A related criticism is that a significant rejection of a null hypothesis might not be biologically meaningful, if the difference is too small to matter. For example, in the chicken-sex experiment, having a treatment that produced 49.9% male chicks might be significantly different from 50%, but it wouldn't be enough to make farmers want to buy your treatment. These critics say you should estimate the effect size and put a on it, not estimate a P value. So the goal of your chicken-sex experiment should not be to say "Chocolate gives a proportion of males that is significantly less than 50% (P=0.015)" but to say "Chocolate produced 36.1% males with a 95% confidence interval of 25.9 to 47.4%." For the chicken-feet experiment, you would say something like "The difference between males and females in mean foot size is 2.45 mm, with a confidence interval on the difference of ±1.98 mm."
How it works
You submit your order instructions
We assign an appropriate expert
The expert takes care of your task
We send it to you upon completion
Average quality score
"I have always been impressed by the quick turnaround and your thoroughness. Easily the most professional essay writing service on the web."
"Your assistance and the first class service is much appreciated.
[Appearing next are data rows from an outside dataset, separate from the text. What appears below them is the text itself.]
(* E' = Phi > 0, and E >= x Phi >= x e^(x+1/2) at -oo. *)
Lemma EE_nonneg x : 0 <= EE x.
Proof.
  apply nonneg_of_increasing; clear x.
  - intros u v Huv. apply (mono_deriv EE Phi); [exact Huv | |].
    + intros z _. unfold EE. derive_normal. ring.
    + intros z _. left; apply Phi_pos.
  - intros y Hy. unfold EE.
    generalize (Phi_le y) (Phi_pos y) (phi_pos y) (exp_pos (y + /2)). nra.
Qed.

Definition FF x := (1 + x ^ 2) * Phi x + x * phi x.

(* F' = 2 E >= 0, and F >= x phi >= x e^(x+1/2) at -oo. *)
Lemma FF_nonneg x : 0 <= FF x.
Proof.
  apply nonneg_of_increasing; clear x.
  - intros u v Huv. apply (mono_deriv FF (fun z => 2 * EE z)); [exact Huv | |].
    + intros z _. unfold FF, EE. derive_normal. ring.
    + intros z _. generalize (EE_nonneg z); lra.
  - intros y Hy. unfold FF.
    generalize (phi_le_exp y) (Phi_pos y) (phi_pos y) (exp_pos (y + /2)). nra.
Qed.

Definition VV x := Phi x * (Phi x - x * phi x) - phi x ^ 2.

(* V' = phi F >= 0, and V >= -phi^2 >= -phi >= -e^(x+1/2) at -oo. *)
Lemma VV_nonneg x : 0 <= VV x.
Proof.
  apply nonneg_of_increasing; clear x.
  - intros u v Huv. apply (mono_deriv VV (fun z => phi z * FF z)); [exact Huv | |].
    + intros z _. unfold VV, FF. derive_normal. ring.
    + intros z _. generalize (FF_nonneg z) (phi_pos z); nra.
  - intros y Hy. unfold VV.
    generalize (phi_le_exp y) (Phi_pos y) (phi_pos y) (exp_pos (y + /2)) (phi_le_1 y).
    intros. assert (0 <= - y * Phi y * phi y) by (apply Rmult_le_pos; nra).
    nra.
Qed.

Definition WW x := x + phi x / Phi x.

(* W' = V / Phi^2. *)
Lemma WW_mono u v : u <= v -> WW u <= WW v.
Proof.
  intros Huv. apply (mono_deriv WW (fun z => VV z / Phi z ^ 2)); [exact Huv | |].
  - intros z _. unfold WW, VV. derive_normal. field. apply Phi_neq0.
  - intros z _. apply Rdiv_le_0_compat; [apply VV_nonneg | apply pow_lt, Phi_pos].
Qed.

Definition PP x := x * Phi x / phi x.

(* P' = F / phi. *)
Lemma PP_mono u v : u <= v -> PP u <= PP v.
Proof.
  intros Huv. apply (mono_deriv PP (fun z => FF z / phi z)); [exact Huv | |].
  - intros z _. unfold PP, FF. derive_normal. field. apply phi_neq0.
  - intros z _. apply Rdiv_le_0_compat; [apply FF_nonneg | apply phi_pos].
Qed.

(* The price-to-delta ratio.  Coquelicot also exports names d1, d2, hence the
   qualified Defs.d1, Defs.d2. *)

Definition gfun (s k : R) := exp k * Phi (Defs.d2 s k) / Phi (Defs.d1 s k).

Lemma CD_eq s k : C_D s k = 1 - gfun s k.
Proof. unfold C_D, C_BS, gfun. field. apply Phi_neq0. Qed.

Lemma d2_le_d1 s k : 0 < s -> Defs.d2 s k <= Defs.d1 s k.
Proof. intros Hs. unfold Defs.d1, Defs.d2. lra. Qed.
My essay reads so well and without your help I'm sure I would have been marked down again on grammar and syntax."
"Thanks again for your excellent work with my assignments. No doubts you're true experts at what you do and very approachable."
"Very professional, cheap and friendly service. Thanks for writing two important essays for me, I wouldn't have written it myself because of the tight deadline."
"Thanks for your cautious eye, attention to detail and overall superb service. Thanks to you, now I am confident that I can submit my term paper on time."
"Thank you for the GREAT work you have done. Just wanted to tell that I'm very happy with my essay and will get back with more assignments soon."